Threat Management, Malware, Ransomware

Locky ransomware is back, this time via Necurs

After fading from the spotlight, the notorious Locky ransomware is again flooding into email inboxes owing to new campaigns spread via the Necurs botnet.

Locky was a dominant malware player in 2016, but lost its mojo along with a slowdown in the Necurs botnet.

However, on April 21, researchers at Talos observed a new, large-scale Locky campaign again emanating from the Necurs botnet, according to a post on a Cisco blog.

The malware formerly was embedded in email with attachments using script formats recognized by Windows hosts, such as .js, .wsf, and .hta.

The new iteration is borrowing techniques observed in a recent Dridex campaign, the Talos researchers wrote, and is currently flooding inboxes in high volumes. The Necurs botnet is the source of the attack, they said, pointing out that the botnet had previously been used to send out more traditional spam – such as pump-and-dump spam, Russian dating spam and work-from-home spam.

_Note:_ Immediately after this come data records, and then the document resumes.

(* Let $N\ge1$ and $k>0$ with $\#\mathcal O^\times\mid k$. If $D_K=4$, $D_K=8$, or $D_K\equiv3\pmod 4$ is prime, then $J^{\rm spez}_{k,1}(N)=J_{k,1}(N)$.
   Context: $K$ is an imaginary quadratic field of class number one with discriminant $-D_K$, ring of integers $\mathcal O$, $N(a)=a\bar a$, $\mathcal D^{-1}=\mathcal O/\sqrt{-D_K}$, $e[z]=e^{2\pi iz}$. $J_{k,1}(N)$ is the space of Hermitian Jacobi forms of weight $k$, index $1$ and level $N$: holomorphic $\varphi:\mathbf H\times\mathbf C^2\to\mathbf C$ such that (a) for all $\epsilon\in\mathcal O^\times$ and $\begin{pmatrix}a&b\\ c&d\end{pmatrix}\in\Gamma_0(N)$: $(c\tau+d)^{-k}e[-\frac{czw}{c\tau+d}]\varphi(\frac{a\tau+b}{c\tau+d},\frac{\epsilon z}{c\tau+d},\frac{\bar\epsilon w}{c\tau+d})=\varphi(\tau,z,w)$; (b) for all $\lambda,\mu\in\mathcal O$: $e[N(\lambda)\tau+\bar\lambda z+\lambda w]\varphi(\tau,z+\lambda\tau+\mu,w+\bar\lambda\tau+\bar\mu)=\varphi(\tau,z,w)$; (c) for each $M\in\mathrm{SL}_2(\mathbf Z)$ the transform of $\varphi$ by $M$ as in (a) (with $\epsilon=1$) has an expansion $\sum_{\ell\ge0,t\in\mathcal D^{-1},\nu N(t)\le\ell}c^M(\ell,t)e[\frac\ell\nu\tau+\bar tz+tw]$ with $\nu\in\mathbf Z_{>0}$, $\nu=1$ for $M=I_2$; $c_\varphi(\ell,t):=c^{I_2}(\ell,t)$. $J^{\rm spez}_{k,1}(N)$ is the subspace of $\varphi$ whose coefficients $c_\varphi(\ell,t)$ depend only on $\ell-N(t)$. *)

From Stdlib Require Import Reals ZArith Znumtheory List Lia.
Open Scope R_scope.

Definition Cx : Type := (R * R)%type.
Definition Re (z : Cx) : R := fst z.
Definition Im (z : Cx) : R := snd z.
Definition RtoC (x : R) : Cx := (x, 0).
Definition ZtoC (n : Z) : Cx := (IZR n, 0).
Definition C0 : Cx := (0, 0).
Definition C1 : Cx := (1, 0).
Definition Cadd (z w : Cx) : Cx := (Re z + Re w, Im z + Im w).
Definition Copp (z : Cx) : Cx := (- Re z, - Im z).
Definition Csub (z w : Cx) : Cx := Cadd z (Copp w).
Definition Cmul (z w : Cx) : Cx :=
  (Re z * Re w - Im z * Im w, Re z * Im w + Im z * Re w).
Definition Cnorm2 (z : Cx) : R := Re z * Re z + Im z * Im z.
Definition Cabs (z : Cx) : R := sqrt (Cnorm2 z).
Definition Cinv (z : Cx) : Cx := (Re z / Cnorm2 z, - Im z / Cnorm2 z).
Definition Cdiv (z w : Cx) : Cx := Cmul z (Cinv w).
Definition Cconj (z : Cx) : Cx := (Re z, - Im z).
Fixpoint Cpow (z : Cx) (n : nat) : Cx :=
  match n with O => C1 | S m => Cmul z (Cpow z m) end.

(** e[z] = exp(2 pi i z) *)
Definition ee (z : Cx) : Cx :=
  (exp (- 2 * PI * Im z) * cos (2 * PI * Re z),
   exp (- 2 * PI * Im z) * sin (2 * PI * Re z)).

Definition Cconv (u : nat -> Cx) (L : Cx) : Prop :=
  Un_cv (fun n => Re (u n)) (Re L) /\ Un_cv (fun n => Im (u n)) (Im L).

(** * The field K = Q(sqrt(-D)), D = D_K > 0 *)
Definition sqrtmD (D : Z) : Cx := (0, sqrt (IZR D)).
(** omega = (-D + sqrt(-D))/2, so that O = Z + Z omega *)
Definition omega (D : Z) : Cx := (- IZR D / 2, sqrt (IZR D) / 2).
Definition elt (D : Z) (a b : Z) : Cx := Cadd (ZtoC a) (Cmul (ZtoC b) (omega D)).
Definition in_O (D : Z) (z : Cx) : Prop := exists a b : Z, z = elt D a b.
Definition is_unit (D : Z) (z : Cx) : Prop := z <> C0 /\ in_O D z /\ in_O D (Cinv z).
(** inverse different D^{-1} = O / sqrt(-D) *)
Definition in_Ddual (D : Z) (t : Cx) : Prop :=
  exists x, in_O D x /\ t = Cdiv x (sqrtmD D).
Definition t_of (D : Z) (a b : Z) : Cx := Cdiv (elt D a b) (sqrtmD D).

Definition is_ideal (D : Z) (I : Cx -> Prop) : Prop :=
  (forall x, I x -> in_O D x) /\ I C0 /\
  (forall x y, I x -> I y -> I (Cadd x y)) /\
  (forall r x, in_O D r -> I x -> I (Cmul r x)).
Definition class_number_one (D : Z) : Prop :=
  forall I, is_ideal D I ->
    exists g, in_O D g /\ forall x, I x <-> exists y, in_O D y /\ x = Cmul g y.

Definition units_card_divides (D : Z) (k : nat) : Prop :=
  exists l : list Cx, NoDup l /\ (forall z, In z l <-> is_unit D z) /\
    Nat.divide (length l) k.

Definition upper (tau : Cx) : Prop := 0 < Im tau.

The campaign was also observed by researchers at Malwarebytes Labs. According to a post on a Malwarebytes Labs blog, the technique borrowed from Dridex embeds a Word doc inside a PDF file, a strategy that enables the malware to avoid detection from sandboxes.

Once a recipient clicks on the OK button, the polluted Word doc is displayed. At that point, said the Malwarebytes researchers, a bit of social engineering dupes targets to click on the macro which launches the Locky ransomware.

The user's computer files are then encrypted with the .osiris extension and the miscreants behind the cybercrime demand 0.5 Bitcoin (around $623) to recover them.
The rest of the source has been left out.